The man moved to the bedroom door and stood looking out. An interior balcony extended to both sides of him, overlooking a gargantuan living room. Far opposite, a wall of windows surveyed immaculately groomed fields, now glowing like dull silver in the warm, early-summer moonlight.
He considered the conclusions he’d reached about these two. Huge overhead, staggering bills, social expectations from all corners, embarrassing secrets. An impressive burden of toil, cost, supply, and demand based on nothing more important than the choice between cashmere and lamb’s wool. But he wasn’t condemning. After all, he spent considerable time researching how and when to break into places like this—without leaving any trace of his methods. Wasn’t what drove him as important to him as Lisbeth’s eye cream was to her, or Lloyd’s secret stash to him?
Each of us just struggles to keep in balance, he thought blandly, as banal and unsatisfying as that seemed. In his case, he saw himself as a night stalker, a collector of information useful either as a means of support or as pure intelligence about his fellow human beings. He had homework to do, and this was how he did it. To others, he’d be a slightly eccentric burglar.
He leaned forward and placed his hands on the railing, absorbing the feeling of superiority and control. They wouldn’t understand how he enjoyed the knowledge such moments provided. That was his need. He left these clandestine encounters richer for the perceptions he gained.
He and his daughter, Sally, had once chatted about which super power they’d most enjoy having. She’d said flight, not surprisingly; he’d chosen the ability to transmigrate walls. Like a ghost. All-seeing but invisible. The closest she might get to reality was through a pilot’s license and a plane, many years and much cash later. He was all squared away.

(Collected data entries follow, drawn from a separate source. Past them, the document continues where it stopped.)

(* In the setting below, let $A\in\Lambda^1(M,\mathfrak g)$, $B\in\Lambda^2(M,\mathfrak h)$, with fake 2-curvature $\Omega_1=dA+\tfrac12[A,A]-\alpha(B)$ and 2-curvature $\Omega_2=dB+A\triangleright B$, and let $\mathrm{CS}_4(A,B)=\langle 2F-\alpha(B),B\rangle_{\mathfrak g,\mathfrak h}-d\langle A,B\rangle_{\mathfrak g,\mathfrak h}$ with $F=dA+\tfrac12[A,A]$ (equivalently $\mathrm{CS}_4=\langle\!\langle\mathcal A,\underline d\mathcal A+\tfrac13[\mathcal A,\mathcal A]\rangle\!\rangle$ for $\mathcal A=A+B\xi$, $k=-1$). Then $$d\,\mathrm{CS}_4(A,B)=2\langle\Omega_1,\Omega_2\rangle_{\mathfrak g,\mathfrak h}=\langle\!\langle\mathcal F,\mathcal F\rangle\!\rangle,\qquad\mathcal F=\Omega_1+\Omega_2\xi .$$
   Context: Lie 2-algebra $\mathcal O=(\mathfrak h,\mathfrak g;\alpha,\triangleright)$ of a Lie crossed module $(H,G;\bar\alpha,\bar\triangleright)$: $\alpha:\mathfrak h\to\mathfrak g$, $\triangleright:\mathfrak g\to\mathrm{Der}(\mathfrak h)$ Lie homomorphisms, $\alpha(X\triangleright Y)=[X,\alpha(Y)]$, $\alpha(Y)\triangleright Y'=[Y,Y']$. A $G$-invariant pairing $\langle-,-\rangle_{\mathfrak g,\mathfrak h}:\mathfrak g\times\mathfrak h\to\mathbb R$ is non-degenerate bilinear with $\langle gXg^{-1},g\triangleright Y\rangle=\langle X,Y\rangle$, $\langle\alpha(Y_1),Y_2\rangle=\langle\alpha(Y_2),Y_1\rangle$, $\langle[X_1,X_2],Y\rangle=-\langle X_2,X_1\triangleright Y\rangle$; on a smooth manifold $M$ it extends to forms by $\langle A,B\rangle=A^a\wedge B^b\langle X_a,Y_b\rangle$, and $[\cdot,\cdot]$, $\triangleright$, $\alpha$, $d$ act componentwise on Lie-algebra-valued forms. Type $N=1$ generalized forms: $U+V\xi$ ($U\in\Lambda^p(M,\mathfrak g)$, $V\in\Lambda^{p+1}(M,\mathfrak h)$, $\xi$ formal of degree $-1$), with bracket $[\mathcal W_1,\mathcal W_2]=[U_1,U_2]+(U_1\triangleright V_2-(-1)^{pq}U_2\triangleright V_1)\xi$, derivative $\underline d(U+V\xi)=dU+(-1)^{p+1}k\alpha(V)+(dV)\xi$, and pairing $\langle\!\langle\mathcal W_1,\mathcal W_2\rangle\!\rangle=\langle U_1,V_2\rangle+(-1)^{pq}\langle U_2,V_1\rangle$ for degrees $p,q$. *)

From HB Require Import structures.
From mathcomp Require Import all_boot all_order all_algebra.
Set Implicit Arguments. Unset Strict Implicit. Unset Printing Implicit Defensive.
Import Order.TTheory GRing.Theory Num.Theory.
Local Open Scope ring_scope.

Section Defs.
Variable R : realFieldType.

(* Real-valued differential forms: a graded-commutative differential   *)
(* graded R-algebra (Om, deg, d); deg p x means "x is a p-form".        *)
Definition is_cdga (Om : algType R) (deg : nat -> Om -> Prop) (d : Om -> Om) : Prop :=
  (forall p, deg p 0) /\
      (forall p (a : R) x y, deg p x -> deg p y -> deg p (a *: x + y)) /\
      deg 0%N 1 /\
      (forall p q x y, deg p x -> deg q y -> deg (p + q)%N (x * y)) /\
      (forall p q x y, deg p x -> deg q y -> x * y = (-1) ^+ (p * q) *: (y * x)) /\
      (forall (a : R) x y, d (a *: x + y) = a *: d x + d y) /\
      (forall p x, deg p x -> deg p.+1 (d x)) /\
      (forall p x y, deg p x -> d (x * y) = d x * y + (-1) ^+ p *: (x * d y)) /\
      (forall x, d (d x) = 0).

Definition linear_map (U V : lmodType R) (f : U -> V) : Prop :=
  forall (a : R) x y, f (a *: x + y) = a *: f x + f y.

Definition bilinear_map (U V W : lmodType R) (f : U -> V -> W) : Prop :=
  (forall (a : R) x x' y, f (a *: x + x') y = a *: f x y + f x' y) /\
  (forall (a : R) x y y', f x (a *: y + y') = a *: f x y + f x y').

Definition is_lie (L : lmodType R) (br : L -> L -> L) : Prop :=
  [/\ bilinear_map br, (forall x, br x x = 0)
    & (forall x y z, br x (br y z) + br y (br z x) + br z (br x y) = 0)].

Definition is_lie2alg (g h : lmodType R) (brg : g -> g -> g) (brh : h -> h -> h)
    (al : h -> g) (act : g -> h -> h) : Prop :=
  is_lie brg /\ is_lie brh /\ linear_map al /\ bilinear_map act /\
      (forall y y', al (brh y y') = brg (al y) (al y')) /\
      (forall x y y', act x (brh y y') = brh (act x y) y' + brh y (act x y')) /\
      (forall x1 x2 y, act (brg x1 x2) y = act x1 (act x2 y) - act x2 (act x1 y)) /\
      (forall x y, al (act x y) = brg x (al y)) /\
      (forall y y', act (al y) y' = brh y y').

Definition is_inv_pairing (g h : lmodType R) (brg : g -> g -> g)
    (al : h -> g) (act : g -> h -> h) (pr : g -> h -> R) : Prop :=
  (forall (a : R) x x' y, pr (a *: x + x') y = a * pr x y + pr x' y) /\
      (forall (a : R) x y y', pr x (a *: y + y') = a * pr x y + pr x y') /\
      (forall x, (forall y, pr x y = 0) -> x = 0) /\
      (forall y, (forall x, pr x y = 0) -> y = 0) /\
      (forall y1 y2, pr (al y1) y2 = pr (al y2) y1) /\
      (forall x1 x2 y, pr (brg x1 x2) y = - pr x2 (act x1 y)).

(* V-valued forms: finite sums  sum_i w_i (x) v_i, represented by the  *)
(* list of pairs (w_i, v_i).                                           *)
Section Forms.
Variable Om : algType R.

Definition vform (V : Type) := seq (Om * V).

Fixpoint all_deg (V : Type) (deg : nat -> Om -> Prop) (p : nat) (U : vform V) : Prop :=
  match U with [::] => True | z :: U' => deg p z.1 /\ all_deg deg p U' end.

Definition fop (V1 V2 V3 : Type) (op : V1 -> V2 -> V3) (U : vform V1) (W : vform V2)
  : vform V3 := [seq (u.1 * w.1, op u.2 w.2) | u <- U, w <- W].

Definition fmap (V1 V2 : Type) (f : V1 -> V2) (U : vform V1) : vform V2 :=
  [seq (u.1, f u.2) | u <- U].

Definition fd (V : Type) (d : Om -> Om) (U : vform V) : vform V :=
  [seq (d u.1, u.2) | u <- U].

Definition fscale (V : Type) (c : R) (U : vform V) : vform V :=
  [seq (c *: u.1, u.2) | u <- U].

Definition fadd (V : Type) (U W : vform V) : vform V := U ++ W.

Definition fpair (V1 V2 : Type) (pr : V1 -> V2 -> R) (U : vform V1) (W : vform V2) : Om :=
  \sum_(u <- U) \sum_(w <- W) pr u.2 w.2 *: (u.1 * w.1).

(* Type N=1 generalized forms  U + V xi, stored as the pair (U, V);    *)
(* the degree p is passed explicitly to the operations.               *)
Variables (g h : Type) (brg : g -> g -> g) (al : h -> g) (act : g -> h -> h)
  (pr : g -> h -> R) (d : Om -> Om).

Definition genform := (vform g * vform h)%type.

Definition gadd (W1 W2 : genform) : genform := (fadd W1.1 W2.1, fadd W1.2 W2.2).
Definition gscale (c : R) (W : genform) : genform := (fscale c W.1, fscale c W.2).

Definition gbr (p q : nat) (W1 W2 : genform) : genform :=
  (fop brg W1.1 W2.1,
   fadd (fop act W1.1 W2.2) (fscale (- (-1) ^+ (p * q)) (fop act W2.1 W1.2))).

Definition gd (k : R) (p : nat) (W : genform) : genform :=
  (fadd (fd d W.1) (fscale ((-1) ^+ p.+1 * k) (fmap al W.2)), fd d W.2).

Definition gpair (p q : nat) (W1 W2 : genform) : Om :=
  fpair pr W1.1 W2.2 + (-1) ^+ (p * q) *: fpair pr W2.1 W1.2.

End Forms.
End Defs.

(* Expand both sides bilinearly in the blocks dA, [A,A], alpha(B) paired
   against B, dB, A |> B.  The Leibniz rule and d^2 = 0 give
   d<dA,B> = <dA,dB>, d<[A,A],B> = 2<dA,A|>B> + <[A,A],dB> (invariance
   <[X,Y],Z> = <X,Y|>Z>) and d<alpha(B),B> = 2<alpha(B),dB> (symmetry of
   <alpha(-),->).  The two remaining terms of 2<Omega1,Omega2> vanish:
   <[A,A],A|>B> is a cyclic sum killed by the Jacobi identity, and
   <alpha(B),A|>B> changes sign when the two copies of B are exchanged.
   The identities for generalized forms are then sign bookkeeping. *)

From mathcomp Require Import all_boot all_order all_algebra ring.
Set Implicit Arguments.
Unset Strict Implicit.
Unset Printing Implicit Defensive.
Import GRing.Theory.
Local Open Scope ring_scope.

Lemma signr_even (S : pzRingType) n : ~~ odd n -> (-1) ^+ n = 1 :> S.
Proof. by rewrite -signr_odd => /negbTE ->. Qed.

Lemma signr_oddn (S : pzRingType) n : odd n -> (-1) ^+ n = -1 :> S.
Proof. by rewrite -signr_odd => ->. Qed.

Lemma natmul_lmod_eq0 (R : numFieldType) (V : lmodType R) (x : V) n :
  x *+ n.+1 = 0 -> x = 0.
Proof.
rewrite -scaler_nat => /eqP; rewrite scaler_eq0 Num.Theory.pnatr_eq0 /=.
by move/eqP.
Qed.

Lemma sum3_rot (I : Type) (M : nmodType) (s : seq I) (F : I -> I -> I -> M) :
  \sum_(x <- s) \sum_(y <- s) \sum_(z <- s) F x y z =
  \sum_(x <- s) \sum_(y <- s) \sum_(z <- s) F y z x.
Proof. by rewrite [RHS]exchange_big; apply: eq_bigr => y _; rewrite exchange_big. Qed.

Section LinearCombination4.
Variables (R : pzRingType) (V : lmodType R).

Definition comb4 (x1 x2 x3 x4 : V) (a1 a2 a3 a4 : R) :=
  a1 *: x1 + a2 *: x2 + a3 *: x3 + a4 *: x4.

Lemma comb4D x1 x2 x3 x4 a1 a2 a3 a4 b1 b2 b3 b4 :
  comb4 x1 x2 x3 x4 a1 a2 a3 a4 + comb4 x1 x2 x3 x4 b1 b2 b3 b4 =
  comb4 x1 x2 x3 x4 (a1 + b1) (a2 + b2) (a3 + b3) (a4 + b4).
Proof.
rewrite /comb4 !scalerDl addrACA; congr (_ + _).
by rewrite addrACA; congr (_ + _); rewrite addrACA.
Qed.

Lemma comb4N x1 x2 x3 x4 a1 a2 a3 a4 :
  - comb4 x1 x2 x3 x4 a1 a2 a3 a4 = comb4 x1 x2 x3 x4 (- a1) (- a2) (- a3) (- a4).
Proof. by rewrite /comb4 !opprD !scaleNr. Qed.

Lemma comb4Z x1 x2 x3 x4 c a1 a2 a3 a4 :
  c *: comb4 x1 x2 x3 x4 a1 a2 a3 a4 =
  comb4 x1 x2 x3 x4 (c * a1) (c * a2) (c * a3) (c * a4).
Proof. by rewrite /comb4 !scalerDr !scalerA. Qed.

(* Writing each atom as a combination of all four reduces a linear identity
   between them to identities between coefficients in [R]. *)
Lemma comb4_elim (P : V -> V -> V -> V -> Prop) :
  (forall x1 x2 x3 x4, P (comb4 x1 x2 x3 x4 1 0 0 0) (comb4 x1 x2 x3 x4 0 1 0 0)
                         (comb4 x1 x2 x3 x4 0 0 1 0) (comb4 x1 x2 x3 x4 0 0 0 1)) ->
  forall x1 x2 x3 x4, P x1 x2 x3 x4.
Proof.
move=> HP x1 x2 x3 x4; move: (HP x1 x2 x3 x4).
by rewrite /comb4 !scale0r !scale1r !addr0 !add0r.
Qed.

End LinearCombination4.

Section CDGA.
Variables (R : realFieldType) (Om : algType R) (deg : nat -> Om -> Prop) (d : Om -> Om).
Hypothesis HOm : is_cdga deg d.

Lemma deg_mul p q x y : deg p x -> deg q y -> deg (p + q)%N (x * y).
Proof. by case: HOm => [_ [_ [_ [H _]]]]; apply: H. Qed.

Lemma graded_comm p q x y : deg p x -> deg q y -> x * y = (-1) ^+ (p * q) *: (y * x).
Proof. by case: HOm => [_ [_ [_ [_ [H _]]]]]; apply: H. Qed.

Lemma d_lin a x y : d (a *: x + y) = a *: d x + d y.
Proof. by case: HOm => [_ [_ [_ [_ [_ [H _]]]]]]; apply: H. Qed.

Lemma deg_d p x : deg p x -> deg p.+1 (d x).
Proof. by case: HOm => [_ [_ [_ [_ [_ [_ [H _]]]]]]]; apply: H. Qed.

Lemma d_mul p x y : deg p x -> d (x * y) = d x * y + (-1) ^+ p *: (x * d y).
Proof. by case: HOm => [_ [_ [_ [_ [_ [_ [_ [H _]]]]]]]]; apply: H. Qed.

Lemma dd x : d (d x) = 0.
Proof. by case: HOm => [_ [_ [_ [_ [_ [_ [_ [_ H]]]]]]]]; apply: H. Qed.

He heard a rustling behind him and quickly stepped out of sight, then glanced around the corner to confirm it was only a little tossing and turning.
Still, he’d been here for a few hours, wandering throughout the house, poking into closets, drawers, and, of course, the fridge. No point overstaying his purloined welcome.

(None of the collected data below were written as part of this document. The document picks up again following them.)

Lemma cpow_opp_nat (z : C) (n : nat) : z <> 0%C ->
  (cpow z (RtoC (- INR n)) * pow_n z n)%C = 1%C.
Proof.
  intros Hz. rewrite cpow_neq_0_l by exact Hz. rewrite <- (cexp_clog z Hz) at 2.
  rewrite <- cexp_nat_mult, <- cexp_add, <- cexp_0. f_equal.
  rewrite RtoC_opp. Cring.
Qed.

(* Dividing by [z ^ (-n)] is multiplying by [z ^ n], also at [z = 0] thanks to [0 ^ 0 = 1]. *)
Lemma Cdiv_cpow_opp_nat (c z : C) (n : nat) :
  (c / cpow z (RtoC (- INR n)))%C = (c * pow_n z n)%C.
Proof.
  destruct (C_eq_0_dec z) as [->|Hz].
  - destruct n as [|n].
    + assert (H1 : cpow 0%C (RtoC (- INR 0)) = 1%C).
      { unfold cpow; simpl. replace (- 0) with 0 by ring.
        destruct (Req_EM_T 0 0); [reflexivity|lra]. }
      rewrite H1, pow_n_C_O. field.
    + rewrite cpow_0_l by (change (- INR (S n) <> 0); rewrite S_INR; generalize (pos_INR n); lra).
      now rewrite pow_n_C_S, Cmult_0_l, Cmult_0_r, Cdiv_0_r.
  - generalize (cpow_opp_nat z n Hz). intros Hprod.
    assert (Hcpow : cpow z (RtoC (- INR n)) <> 0%C)
      by (intros H0; rewrite H0, Cmult_0_l in Hprod; injection Hprod; lra).
    revert Hprod Hcpow. generalize (cpow z (RtoC (- INR n))) (pow_n z n).
    intros e p Hprod He. unfold Cdiv. rewrite <- (Cmult_1_l (/ e)%C), <- Hprod.
    field. exact He.
Qed.

(** * Identification of power series coefficients *)

Lemma CV_radius_pos (alpha : nat -> R) (s : R) :
  0 < s -> ex_series (fun k => alpha k * s ^ k) -> Rbar_lt 0 (CV_radius alpha).
Proof.
  intros Hs He. apply ex_series_lim_0 in He.
  destruct (filterlim_bounded (V := R_NormedModule) (fun k => alpha k * s ^ k)) as [M HM];
    [now exists 0|].
  apply Rbar_lt_le_trans with (Finite s); [exact Hs|].
  apply (proj1 (CV_radius_bounded alpha)). exists M. intros n. apply HM.
Qed.

Lemma pseries_coef_unique_R (alpha beta : nat -> R) (delta : R) : 0 < delta ->
  (forall s, Rabs s < delta -> exists l,
     is_series (fun k => alpha k * s ^ k) l /\ is_series (fun k => beta k * s ^ k) l) ->
  forall n, alpha n = beta n.
Proof.
  intros Hd H n.
  destruct (H (delta / 2)) as [l [Ha Hb]]; [rewrite Rabs_right; lra|].
  apply PSeries_ext_recip.
  - apply (CV_radius_pos alpha (delta / 2)); [lra|now exists l].
  - apply (CV_radius_pos beta (delta / 2)); [lra|now exists l].
  - exists (mkposreal delta Hd). intros s Hs.
    change (Rabs (s - 0) < delta) in Hs. rewrite Rminus_0_r in Hs.
    destruct (H s Hs) as [l' [Ha' Hb']].
    rewrite (is_pseries_unique alpha s l'), (is_pseries_unique beta s l');
      [reflexivity|apply is_pseries_R, Hb'|apply is_pseries_R, Ha'].
Qed.

Lemma is_series_pow_RtoC_C (alpha : nat -> C) (s : R) (l : C) :
  is_series (fun k => alpha k * pow_n (RtoC s) k)%C l ->
  is_series (fun k => Re (alpha k) * s ^ k) (Re l) /\
  is_series (fun k => Im (alpha k) * s ^ k) (Im l).
Proof.
  intros H. apply is_series_C in H as [HRe HIm]. split.
  - apply (is_series_ext _ _ _ (fun k => f_equal Re (f_equal _ (pow_n_RtoC s k)))) in HRe.
    exact (is_series_ext _ _ _ (fun k => re_scal_r _ _) HRe).
  - apply (is_series_ext _ _ _ (fun k => f_equal Im (f_equal _ (pow_n_RtoC s k)))) in HIm.
    exact (is_series_ext _ _ _ (fun k => im_scal_r _ _) HIm).
Qed.

Lemma pseries_coef_unique_C (alpha beta : nat -> C) (delta : R) : 0 < delta ->
  (forall s : R, Rabs s < delta -> exists l : C,
     is_series (fun k => alpha k * pow_n (RtoC s) k)%C l /\
     is_series (fun k => beta k * pow_n (RtoC s) k)%C l) ->
  forall n, alpha n = beta n.
Proof.
  intros Hd H n. apply injective_projections.
  - apply (pseries_coef_unique_R (fun k => Re (alpha k)) (fun k => Re (beta k)) delta Hd).
    intros s Hs. destruct (H s Hs) as [l [Ha Hb]]. exists (Re l).
    split; [apply (is_series_pow_RtoC_C _ _ _ Ha)|apply (is_series_pow_RtoC_C _ _ _ Hb)].
  - apply (pseries_coef_unique_R (fun k => Im (alpha k)) (fun k => Im (beta k)) delta Hd).
    intros s Hs. destruct (H s Hs) as [l [Ha Hb]]. exists (Im l).
    split; [apply (is_series_pow_RtoC_C _ _ _ Ha)|apply (is_series_pow_RtoC_C _ _ _ Hb)].
Qed.

(** * Estimates for the summands *)

Lemma periodic_bounded (g : nat -> R) (p : nat) :
  (0 < p)%nat -> (forall m, g (m + p)%nat = g m) -> exists X, forall n, g n <= X.
Proof.
  intros Hp Hper.
  assert (Hmod : forall k m, g (m + k * p)%nat = g m).
  { induction k as [|k IH]; intros m; [now rewrite Nat.add_0_r|].
    replace (m + S k * p)%nat with (m + k * p + p)%nat by lia. now rewrite Hper. }
  exists (MaxRlist (map g (seq 0 p))). intros n.
  rewrite (Nat.div_mod_eq n p), Nat.mul_comm, Nat.add_comm, Hmod.
  apply MaxRlist_P1, in_map, in_seq. split; [lia|]. apply Nat.mod_upper_bound. lia.
Qed.

Lemma dirichlet_char_bounded (f : nat) (chi : nat -> C) :
  is_dirichlet_char f chi -> exists X, forall n, Cmod (chi n) <= X.
Proof.
  intros [Hf [Hper _]].
  apply (periodic_bounded (fun n => Cmod (chi n)) f); [lia|].
  intros m. simpl. now rewrite Hper.
Qed.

He reentered the bedroom and returned to the sleeping couple, standing on the woman’s side, close enough that if he bent over, he could kiss her naked shoulder blade. Yielding to temptation, he did at least bow, not to kiss but to feel the heat of her in his nostrils. She smelled good.
Finally conceding that the time had come, he extracted a one-inch square piece of yellow paper and stuck it carefully to the woman’s small bottle of lubricant.
TAG! it said in bold letters, inscribed with a broad felt pen. Maybe he didn’t want to reveal his method of entry, but he liked their knowing he’d been here.
He gave them a last smile before fading away toward the bedroom door and the world beyond.